I had grown up in that way. I knew I didn't need him to save me and I could save myself.
"Are you okay?", I asked, "People say such nasty things."
"I'm fine", he said, "I just hate the way they see me."
The media was a lot harder on Harry than it was on me and for obvious reasons. Where I had gained a lot of supports and a fan base if you will, Harry gained a lot of haters. Even when I came out with the book, people were disgusted by him. Seeing him in ways that I had never even thought of. I had always hoped the book would clear his name a bit, but it never made things better or worse. Harry had to still deal with the hate on a regular basis and I felt for him as much as I could.
"I know. I'm sorry."
"The results should be here in four days", Harry said randomly, it now made it seem like he wanted to just talk to me. Making small talk like we were friends like that.

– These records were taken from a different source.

(* Let $G$ be a countable group, and identify the power set $\mathbf{P}_G$ with $\{0,1\}^G$ (via characteristic functions) carrying the product topology. Then, as subsets of $\mathbf{P}_G$: the family $\mathbf{L}_G$ of large subsets is $F_\sigma$; the family $\mathbf{T}_G$ of thick subsets is $G_\delta$; the family $\mathbf{PT}_G$ of prethick subsets is $G_{\delta\sigma}$; and the families $\mathbf{S}_G$ of small subsets and $\mathbf{EL}_G$ of extralarge subsets are $F_{\sigma\delta}$.
   Context: Let $G$ be a group and $\mathcal{F}_G$ the family of finite subsets of $G$. A subset $A\subseteq G$ is large if $G=FA$ for some $F\in\mathcal{F}_G$; small if $L\setminus A$ is large for every large $L\subseteq G$; extralarge if $G\setminus A$ is small; thick if for every $F\in\mathcal{F}_G$ there is $a\in A$ with $Fa\subseteq A$; prethick if $FA$ is thick for some $F\in\mathcal{F}_G$. The topology on $\mathbf{P}_G$ has as subbase the sets $\{X: K\subseteq X\}$ and $\{X: X\cap K=\emptyset\}$ for finite $K\subseteq G$. *)

From Stdlib Require Import List Classical.
Import ListNotations.

Record is_group (G : Type) (mul : G -> G -> G) (e : G) (inv : G -> G) : Prop := {
  grp_assoc : forall x y z, mul x (mul y z) = mul (mul x y) z;
  grp_idl : forall x, mul e x = x;
  grp_idr : forall x, mul x e = x;
  grp_invl : forall x, mul (inv x) x = e;
  grp_invr : forall x, mul x (inv x) = e }.

Arguments is_group {G} mul e inv.

Definition countable (G : Type) : Prop :=
  exists f : G -> nat, forall x y, f x = f y -> x = y.

Section Sizes.
Variables (G : Type) (mul : G -> G -> G).

(* finite subsets of G are represented by lists *)
Definition setmul (F : list G) (A : G -> Prop) : G -> Prop :=
  fun g => exists f a, In f F /\ A a /\ g = mul f a.

Definition large (A : G -> Prop) : Prop :=
  exists F : list G, forall g, setmul F A g.

Definition small (A : G -> Prop) : Prop :=
  forall L : G -> Prop, large L -> large (fun g => L g /\ ~ A g).

Definition extralarge (A : G -> Prop) : Prop :=
  small (fun g => ~ A g).

Definition thick (A : G -> Prop) : Prop :=
  forall F : list G, exists a, A a /\ forall f, In f F -> A (mul f a).

Definition prethick (A : G -> Prop) : Prop :=
  exists F : list G, thick (setmul F A).
End Sizes.
Arguments large {G} mul A.
Arguments small {G} mul A.
Arguments extralarge {G} mul A.
Arguments thick {G} mul A.
Arguments prethick {G} mul A.
Arguments setmul {G} mul F A _.

(* P_G identified with {0,1}^G = G -> bool, product topology.
   Subbase/base: cylinders { X | K_in ⊆ X, X ∩ K_out = ∅ }, K_in, K_out finite. *)
Section Topology.
Variable G : Type.

Definition cylinder (Kin Kout : list G) : (G -> bool) -> Prop :=
  fun X => (forall g, In g Kin -> X g = true) /\ (forall g, In g Kout -> X g = false).

Definition is_open (U : (G -> bool) -> Prop) : Prop :=
  forall X, U X -> exists Kin Kout, cylinder Kin Kout X /\
    forall Y, cylinder Kin Kout Y -> U Y.

Definition is_closed (C : (G -> bool) -> Prop) : Prop :=
  is_open (fun X => ~ C X).

Definition F_sigma (S : (G -> bool) -> Prop) : Prop :=
  exists C : nat -> (G -> bool) -> Prop,
    (forall n, is_closed (C n)) /\ forall X, S X <-> exists n, C n X.

Definition G_delta (S : (G -> bool) -> Prop) : Prop :=
  exists U : nat -> (G -> bool) -> Prop,
    (forall n, is_open (U n)) /\ forall X, S X <-> forall n, U n X.

Definition G_delta_sigma (S : (G -> bool) -> Prop) : Prop :=
  exists D : nat -> (G -> bool) -> Prop,
    (forall n, G_delta (D n)) /\ forall X, S X <-> exists n, D n X.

"Really?", I said shocked, it was coming back so soon. It had been almost a week but I had a feeling that it was going to take a lot longer.
"Yep."
"I'm glad you brought it up", I remembered all the things that Blu had said to me, bringing me back to reality, " I think we should meet up this week and come up with a serious plan. It's needed and I don't want to move any further if we aren't on the same page."
Harry and I continued to talk for a little but the conversation was dull, like it should be. No pointless conversation or light flirting. I needed to be serious with him for a while until we had this all figured out and he needed to know that.